WHAT IS REQUIRED: Go through the listing below and output exactly the line with "Set Implicit Arguments.", the line with "(* Moore--Penrose pseudoinverse", and each line between; omit the rest.

INFORMATION SHOWN:
(* Let $k\ge d$. Draw $(\mathbf x_1,\dots,\mathbf x_k)\sim\mathrm{VS}_{D_{\mathcal X}}^k$ and then, conditionally on these points, draw $y_i\sim D_{\mathcal Y|\mathbf x=\mathbf x_i}$ independently for $i=1,\dots,k$; call the law of ${\mathbb S}=\{(\mathbf x_1,y_1),\dots,(\mathbf x_k,y_k)\}$ $\mathrm{VS}_D^k$. Then $\mathbb E_{\mathrm{VS}_D^k}[\mathbf w^*({\mathbb S})]=\mathbf w^*_D$.
   Context: $D$ is a probability distribution of $(\mathbf x,y)\in\mathbb R^d\times\mathbb R$ with $\mathbb E\|\mathbf x\|^2<\infty$, $\mathbb E[y^2]<\infty$; $D_{\mathcal X}$ is the marginal of $\mathbf x$ and $D_{\mathcal Y|\mathbf x}$ the conditional law of $y$ given $\mathbf x$. $\boldsymbol\Sigma_{D_{\mathcal X}}:=\mathbb E[\mathbf x\mathbf x^\top]$ is assumed invertible. $\mathbf w^*_D:=\boldsymbol\Sigma_{D_{\mathcal X}}^{-1}\mathbb E_D[\mathbf x y]$ (the minimizer of $\mathbb E_D[(\mathbf x^\top\mathbf w-y)^2]$). For a sample ${\mathbb S}$ with design matrix $\mathbf X\in\mathbb R^{k\times d}$ (rows $\mathbf x_i^\top$) and responses $\mathbf y\in\mathbb R^k$, $\mathbf w^*({\mathbb S}):=\mathbf X^+\mathbf y$ (the least squares solution, $\mathbf X^+$ the Moore–Penrose pseudoinverse). $D_{\mathcal X}^k$ is the law of $k$ i.i.d. draws from $D_{\mathcal X}$, and $\mathrm{VS}_{D_{\mathcal X}}^k$ is the probability measure on $(\mathbb R^d)^k$ given by $\mathrm{VS}_{D_{\mathcal X}}^k(A)=\mathbb E_{D_{\mathcal X}^k}[\mathbf 1_A\det(\sum_{i=1}^k\mathbf x_i\mathbf x_i^\top)]/\big(d!\binom kd\det(\boldsymbol\Sigma_{D_{\mathcal X}})\big)$. *)

From HB Require Import structures.
From mathcomp Require Import all_boot all_order all_algebra.
From mathcomp Require Import all_classical all_reals all_analysis.
Set Implicit Arguments. Unset Strict Implicit. Unset Printing Implicit Defensive.
Import Order.TTheory GRing.Theory Num.Theory.
Local Open Scope ring_scope.
Local Open Scope ereal_scope.

(* Points of R^d are d.-tuples of reals, equipped with the library's product
   (= Borel) sigma-algebra on n.-tuple R. *)

Section VolumeSampling.
Context {R : realType} {d : nat}.
Local Notation V := (d.-tuple R).

(* Moore--Penrose pseudoinverse (real matrices), defined by the Penrose
   conditions; it exists and is unique, so xget picks it. *)
Definition mp_pinv (m n : nat) (A : 'M[R]_(m, n)) : 'M[R]_(n, m) :=
  xget 0%R [set B : 'M[R]_(n, m) |
    [/\ (A *m B *m A = A)%R, (B *m A *m B = B)%R,
        ((A *m B)^T = A *m B)%R & ((B *m A)^T = B *m A)%R]].

Definition design_mx (k : nat) (xs : seq V) : 'M[R]_(k, d) :=
  \matrix_(i < k, j < d) tnth (nth (nseq_tuple d 0%R) xs i) j.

YOUR SOLUTION:
Set Implicit Arguments. Unset Strict Implicit. Unset Printing Implicit Defensive.
Import Order.TTheory GRing.Theory Num.Theory.
Local Open Scope ring_scope.
Local Open Scope ereal_scope.

(* Points of R^d are d.-tuples of reals, equipped with the library's product
   (= Borel) sigma-algebra on n.-tuple R. *)

Section VolumeSampling.
Context {R : realType} {d : nat}.
Local Notation V := (d.-tuple R).

(* Moore--Penrose pseudoinverse (real matrices), defined by the Penrose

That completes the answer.